When one considers the SCPO and lease optimization along with a ubiquitous clause contained in the vast majority of cell tower leases often known as an “early termination provision”, the risks to all landowners – public and private – become pretty apparent.
Once the densification of national wireless networks nears completion in the next six years, the lease optimization firms will be back with a vengeance to inform the vast majority of cell tower lease landlords that they either agree to a significant rent reduction, or the lease will be terminated entirely (and soon). The logic behind the argument will be that carriers and tower companies can no longer afford to pay the “previous” rental rates for cell towers as a result of the addition of all the small cells. They will go on to say that as small cells now average about $22 per month rent, cell towers rental rates should be proportionately reduced (which will equate to an 80-90% reduction on average) and let the landlords decide.
The SCPO will arbitrarily and systematically reduce the amounts paid to local and state government agencies by carriers, tower companies, and infrastructure developers (collectively “wireless vendors”) in the form of small cell application fees and annual fees. Unfortunately, as the fee cap is currently set to be $270 per year per node for small cells installed in the public right-of-way or on local and state government-owned property (including street lights, bus stop shelters, and buildings) nationwide, some local and state government agencies and districts will bear the burden more than others, as the rents have historically varied a great deal for macrocells (“cell towers”) nationwide according to the local real estate markets, traffic, alternative locations and costs of living, which means that cities such as San Francisco and New York will be hurt far more by the SCPO than small midwest
Conclusion
To private property owners, it is reasonable to be cautious about the ultimate long-term effects of the SCPO on wireless agreement (a.k.a. “cell tower lease”) monthly payment rates, as it is my prediction that wireless vendors will use the small cell fee cap created by the SCPO to set a precedent for cell tower lease rate reductions which has the potential to save carriers and tower companies billions in the form of rent reductions while costing private landlords dearly.

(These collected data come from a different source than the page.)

(* Let $(\Omega,T)$ be a minimal subshift over a finite alphabet $A$ such that no word in $L_5(\Omega)$ has repeated letters, and suppose the language $L(\Omega)$ is recursive. Then: (1) there is an algorithm which, given $w,v\in L(\Omega)$ and $i,j\in\mathbb Z$, decides whether $(v,j)\subseteq(w,i)$; (2) there is an algorithm which, given $w,v\in L(\Omega)$ and $i,j\in\mathbb Z$, decides whether $(w,i)$ and $(v,j)$ are $3$-disjoint; (3) for every $w\in L(\Omega)$ and $i\in\mathbb Z$, the set of cylinder partitions of $(w,i)$ is a recursive subset of $\mathcal{FS}(A^*\times\mathbb Z)$, the set of all finite subsets of $A^*\times\mathbb Z$.
   Context: $T$ is the left shift $(T\omega)_m=\omega_{m+1}$ on $A^{\mathbb Z}$; a minimal subshift is a closed shift-invariant $\Omega\subseteq A^{\mathbb Z}$ with every orbit dense. $A^*$ is the set of nonempty finite words over $A$, indexed from $0$: $w=w_0\cdots w_{|w|-1}$. $L_m(\Omega)$ is the set of words of length $m$ occurring in sequences of $\Omega$ and $L(\Omega)=\bigcup_m L_m(\Omega)$; it is recursive if membership is algorithmically decidable. For a word $v$ and $i\in\mathbb Z$, $(v,i)=\{\omega\in\Omega:\omega_{k-i}=v_k,\ 0\leq k\leq|v|-1\}$. A finite set $S\subseteq A^*\times\mathbb Z$ is a cylinder partition of $(w,i)$ if the sets $(s,k)$, $(s,k)\in S$, are cylinder sets (with $s\in L(\Omega)$) that are pairwise disjoint and have union $(w,i)$. Two clopen sets $U,V$ are $3$-disjoint if $(U\cup TU\cup T^2U)\cap(V\cup TV\cup T^2V)=\emptyset$. *)

From mathcomp Require Import all_boot all_order all_algebra.
Set Implicit Arguments. Unset Strict Implicit. Unset Printing Implicit Defensive.
Import Order.TTheory GRing.Theory Num.Theory.
Local Open Scope ring_scope.

(* Model of computation: Kleene mu-recursive functions nat -> nat,    *)
(* unary, with a bijective pairing nat * nat <-> nat.                  *)

(* bijection nat*nat -> nat : (a,b) |-> 2^a (2b+1) - 1 *)
Definition npair (a b : nat) : nat := (2 ^ a * (b.*2).+1).-1.
Definition nfst (z : nat) : nat := logn 2 z.+1.
Definition nsnd (z : nat) : nat := ((z.+1 %/ 2 ^ nfst z)./2)%N.

Inductive rf : Type :=
| rZero : rf
| rSucc : rf
| rId : rf
| rFst : rf
| rSnd : rf
| rComp : rf -> rf -> rf     (* rComp f g : x |-> f (g x) *)
| rPair : rf -> rf -> rf
| rPrec : rf -> rf -> rf     (* primitive recursion on the second component *)
| rMin : rf -> rf.           (* rMin f : x |-> least n with f (npair x n) = 0 *)

Inductive eval : rf -> nat -> nat -> Prop :=
| ev_zero x : eval rZero x 0
| ev_succ x : eval rSucc x x.+1
| ev_id x : eval rId x x
| ev_fst x : eval rFst x (nfst x)
| ev_snd x : eval rSnd x (nsnd x)
| ev_comp f g x y z : eval g x y -> eval f y z -> eval (rComp f g) x z
| ev_pair f g x a b : eval f x a -> eval g x b -> eval (rPair f g) x (npair a b)
| ev_prec0 f g a y : eval f a y -> eval (rPrec f g) (npair a 0) y
| ev_precS f g a n y y' :
    eval (rPrec f g) (npair a n) y ->
    eval g (npair a (npair n y)) y' ->
    eval (rPrec f g) (npair a n.+1) y'
| ev_min f x n :
    eval f (npair x n) 0 ->
    (forall m, (m < n)%N -> exists k, eval f (npair x m) k.+1) ->
    eval (rMin f) x n.

Definition decides_at (c : rf) (x : nat) (P : Prop) : Prop :=
  (P -> eval c x 1) /\ (~ P -> eval c x 0).

Definition code_int (z : int) : nat :=
  match z with Posz n => n.*2 | Negz n => (n.*2).+1 end.

Fixpoint code_word (A : finType) (w : seq A) : nat :=
  match w with
  | [::] => 0
  | a :: w' => (npair (nat_of_ord (enum_rank a)) (code_word w')).+1
  end.

Definition code_wi (A : finType) (p : seq A * int) : nat :=
  npair (code_word p.1) (code_int p.2).

(* finite subsets of A^* x Z are presented by lists enumerating them *)
Fixpoint code_list (A : finType) (l : seq (seq A * int)) : nat :=
  match l with
  | [::] => 0
  | p :: l' => (npair (code_wi p) (code_list l')).+1
  end.

Definition code_wivj (A : finType) (w : seq A) (i : int) (v : seq A) (j : int) : nat :=
  npair (code_word w) (npair (code_int i) (npair (code_word v) (code_int j))).

(* T^n : (T^n om)_m = om_(m+n); T is the left shift (T om)_m = om_(m+1) *)
Definition shiftn (A : Type) (n : int) (om : int -> A) : int -> A :=
  fun m => om (m + n).

(* closedness in the product topology of the discrete space A *)
Definition sclosed (A : finType) (Om : (int -> A) -> Prop) : Prop :=
  forall om : int -> A,
    (forall N : nat, exists eta, Om eta /\
        forall m : int, `|m| <= N%:Z -> eta m = om m) ->
    Om om.

Definition shift_invariant (A : finType) (Om : (int -> A) -> Prop) : Prop :=
  forall om : int -> A, Om (shiftn 1 om) <-> Om om.

(* every orbit {T^k om : k in Z} is dense in Om *)
Definition orbits_dense (A : finType) (Om : (int -> A) -> Prop) : Prop :=
  forall om eta : int -> A, Om om -> Om eta ->
    forall N : nat, exists k : int,
      forall m : int, `|m| <= N%:Z -> shiftn k om m = eta m.

Definition minimal_subshift (A : finType) (Om : (int -> A) -> Prop) : Prop :=
  (exists om, Om om) /\ sclosed Om /\ shift_invariant Om /\ orbits_dense Om.

Definition occurs_at (A : finType) (w : seq A) (om : int -> A) (p : int) : Prop :=
  [seq om (p + k%:Z) | k <- iota 0 (size w)] = w.

Definition inLm (A : finType) (Om : (int -> A) -> Prop) (m : nat) (w : seq A) : Prop :=
  size w = m /\ exists om, Om om /\ exists p : int, occurs_at w om p.

(* L(Om): words of A^* (nonempty words) occurring in Om *)
Definition inL (A : finType) (Om : (int -> A) -> Prop) (w : seq A) : Prop :=
  exists m : nat, (0 < m)%N /\ inLm Om m w.

(* the cylinder (v,i) = {om in Om : om_(k-i) = v_k, 0 <= k <= |v|-1} *)
Definition cyl (A : finType) (Om : (int -> A) -> Prop) (v : seq A) (i : int)
  : (int -> A) -> Prop :=
  fun om => Om om /\ occurs_at v om (- i).

Definition subsetP' (A : Type) (U V : A -> Prop) : Prop := forall x, U x -> V x.

Definition Timg (A : Type) (n : int) (U : (int -> A) -> Prop) : (int -> A) -> Prop :=
  fun om => exists u, U u /\ om = shiftn n u.

Definition T3 (A : Type) (U : (int -> A) -> Prop) : (int -> A) -> Prop :=
  fun om => U om \/ Timg 1 U om \/ Timg 2 U om.

Definition three_disjoint (A : Type) (U V : (int -> A) -> Prop) : Prop :=
  forall om, ~ (T3 U om /\ T3 V om).

Definition cylinder_partition (A : finType) (Om : (int -> A) -> Prop)
    (w : seq A) (i : int) (l : seq (seq A * int)) : Prop :=
  (forall sk, sk \in l -> inL Om sk.1) /\
  (forall sk tk, sk \in l -> tk \in l -> sk != tk ->
      forall om, ~ (cyl Om sk.1 sk.2 om /\ cyl Om tk.1 tk.2 om)) /\
  (forall om, cyl Om w i om <-> exists2 sk, sk \in l & cyl Om sk.1 sk.2 om).

Definition recursive_language (A : finType) (Om : (int -> A) -> Prop) : Prop :=
  exists c : rf, forall w : seq A, decides_at c (code_word w) (inL Om w).

From mathcomp Require Import all_boot all_order all_algebra zify.
Import Order.TTheory GRing.Theory Num.Theory.
From Stdlib Require Import ClassicalEpsilon FunctionalExtensionality.
Set Implicit Arguments. Unset Strict Implicit.

(* If |k| + |s| <= M, whether a point lies in the cylinder (s,k) depends only on its
   window on [-M, M), and by shift invariance the words read in such windows are exactly
   the words of length 2M in L(Om).  Inclusion, 3-disjointness and the partition property
   of cylinders therefore become bounded quantifications over the finitely many words of
   a length computable from the input, tested with the decider of L(Om); what remains is
   to check that these tests are mu-recursive in the codes of their inputs. *)

(** * Pairing and mu-recursive functions *)

Lemma npairS a b : (npair a b).+1 = 2 ^ a * (b.*2).+1.
Proof. by rewrite /npair prednK // muln_gt0 expn_gt0. Qed.

Lemma nfst_npair a b : nfst (npair a b) = a.
Proof.
rewrite /nfst npairS mulnC logn_Gauss ?pfactorK //.
by rewrite coprime2n /= odd_double.
Qed.

Lemma nsnd_npair a b : nsnd (npair a b) = b.
Proof. by rewrite /nsnd nfst_npair npairS mulKn ?expn_gt0 //= uphalf_double. Qed.

Lemma npair_nfst_nsnd z : npair (nfst z) (nsnd z) = z.
Proof.
rewrite /nsnd /nfst.
have [m coprime_m Ez] := @pfactor_coprime 2 z.+1 isT isT.
set e := logn 2 z.+1 in Ez *.
have -> : z.+1 %/ 2 ^ e = m by rewrite Ez mulnK ?expn_gt0.
have odd_m : odd m by rewrite -coprime2n.
have Em : (m./2).*2.+1 = m by rewrite -[RHS]odd_double_half odd_m add1n.
by rewrite /npair Em mulnC -Ez.
Qed.

Lemma leq_add_npair a b : a + b <= npair a b.
Proof.
rewrite -ltnS npairS.
have : a.+1 * (b.*2).+1 <= 2 ^ a * (b.*2).+1 by rewrite leq_mul2r ltn_expl.
rewrite -!muln2; nia.
Qed.

Lemma npair_inj a b c d : npair a b = npair c d -> a = c /\ b = d.
Proof.
move=> E; split; first by rewrite -(nfst_npair a b) E nfst_npair.
by rewrite -(nsnd_npair a b) E nsnd_npair.
Qed.

Definition computable (f : nat -> nat) := exists c, forall x, eval c x (f x).

Lemma eq_computable f g : f =1 g -> computable f -> computable g.
Proof. by move=> E [c Hc]; exists c => x; rewrite -E. Qed.

Lemma computable_const k : computable (fun _ => k).
Proof.
elim: k => [|k [c Hc]]; first by exists rZero => x; constructor.
by exists (rComp rSucc c) => x; econstructor; [exact: Hc | constructor].
Qed.

Lemma computable_id : computable id.
Proof. by exists rId => x; constructor. Qed.

Lemma computable_comp f g : computable f -> computable g -> computable (fun x => f (g x)).
Proof. by move=> [cf Hf] [cg Hg]; exists (rComp cf cg) => x; econstructor; eauto. Qed.

Lemma computable_nfst f : computable f -> computable (fun x => nfst (f x)).
Proof. by apply: computable_comp; exists rFst => x; constructor. Qed.

Lemma computable_nsnd f : computable f -> computable (fun x => nsnd (f x)).
Proof. by apply: computable_comp; exists rSnd => x; constructor. Qed.

Lemma computable_succ f : computable f -> computable (fun x => (f x).+1).
Proof. by apply: computable_comp; exists rSucc => x; constructor. Qed.

Lemma computable_npair f g :
  computable f -> computable g -> computable (fun x => npair (f x) (g x)).
Proof. by move=> [cf Hf] [cg Hg]; exists (rPair cf cg) => x; constructor. Qed.

Lemma computable_uncurry (h : nat -> nat -> nat) f g :
  computable (fun z => h (nfst z) (nsnd z)) -> computable f -> computable g ->
  computable (fun x => h (f x) (g x)).
Proof.
move=> Hh Hf Hg; apply: eq_computable (computable_comp Hh (computable_npair Hf Hg)).
by move=> x; rewrite nfst_npair nsnd_npair.
Qed.

Lemma computable_iter (F : nat -> nat -> nat) N I :
  computable (fun z => F (nfst z) (nsnd z)) -> computable N -> computable I ->
  computable (fun x => iter (N x) (F x) (I x)).
Proof.
move=> [cF HF] [cN HN] [cI HI].
pose step := rComp cF (rPair rFst (rComp rSnd rSnd)).
have Hstep a n y : eval step (npair a (npair n y)) (F a y).
  have Hfst u v : nfst u = v -> eval rFst u v by move=> <-; constructor.
  have Hsnd u v : nsnd u = v -> eval rSnd u v by move=> <-; constructor.
  apply: (ev_comp (y := npair a y)); last by have := HF (npair a y); rewrite nfst_npair nsnd_npair.
  constructor; first by apply: Hfst; rewrite nfst_npair.
  by apply: (ev_comp (y := npair n y)); apply: Hsnd; rewrite nsnd_npair.
have Hrec a n : eval (rPrec cI step) (npair a n) (iter n (F a) (I a)).
  by elim: n => [|n IH]; [constructor | econstructor; [exact: IH | exact: Hstep]].
exists (rComp (rPrec cI step) (rPair rId cN)) => x.
by econstructor; [constructor; [constructor | exact: HN] | exact: Hrec].
Qed.

Lemma computable_add f g : computable f -> computable g -> computable (fun x => f x + g x).
Proof.
apply: (computable_uncurry (h := addn)).
have := computable_iter (F := fun _ s => s.+1) (computable_succ (computable_nsnd computable_id))
  (computable_nsnd computable_id) (computable_nfst computable_id).
by apply: eq_computable => x; rewrite iter_succn.
Qed.

Lemma computable_pred f : computable f -> computable (fun x => (f x).-1).
Proof.
apply: computable_comp.
pose step s := npair (nsnd s) (nsnd s).+1.
have Hstep : computable (fun z => step (nsnd z)).
  exact: computable_npair (computable_nsnd (computable_nsnd computable_id))
                          (computable_succ (computable_nsnd (computable_nsnd computable_id))).
have := computable_nfst
  (computable_iter (F := fun _ => step) Hstep computable_id (computable_const (npair 0 0))).
apply: eq_computable => x /=.
suff -> : iter x step (npair 0 0) = npair x.-1 x by rewrite nfst_npair.
by elim: x => [//|x IH]; rewrite iterS IH /step nsnd_npair.
Qed.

Such “proposals” often work to intimidate the uninformed, while the truth is – and will remain – that most towers and associated leases will exist beyond the lives of the majority of people alive today and will likely never be candidates for termination. While the wireless vendors would love nothing more than to enrich their collective bottom lines using such threats to terminate, unless the overwhelming majority of landlords agree to significant rent reductions, the threats to terminate cell tower leases based on the foregoing premise, will be ineffective. That said, private and government landowners alike should know this: Seek out a qualified wireless lease consultant to evaluate your cell tower and lease before ever agreeing to any change that could cost you money, as the nominal fee that might be paid for the consult will likely deliver exponential returns in the long run.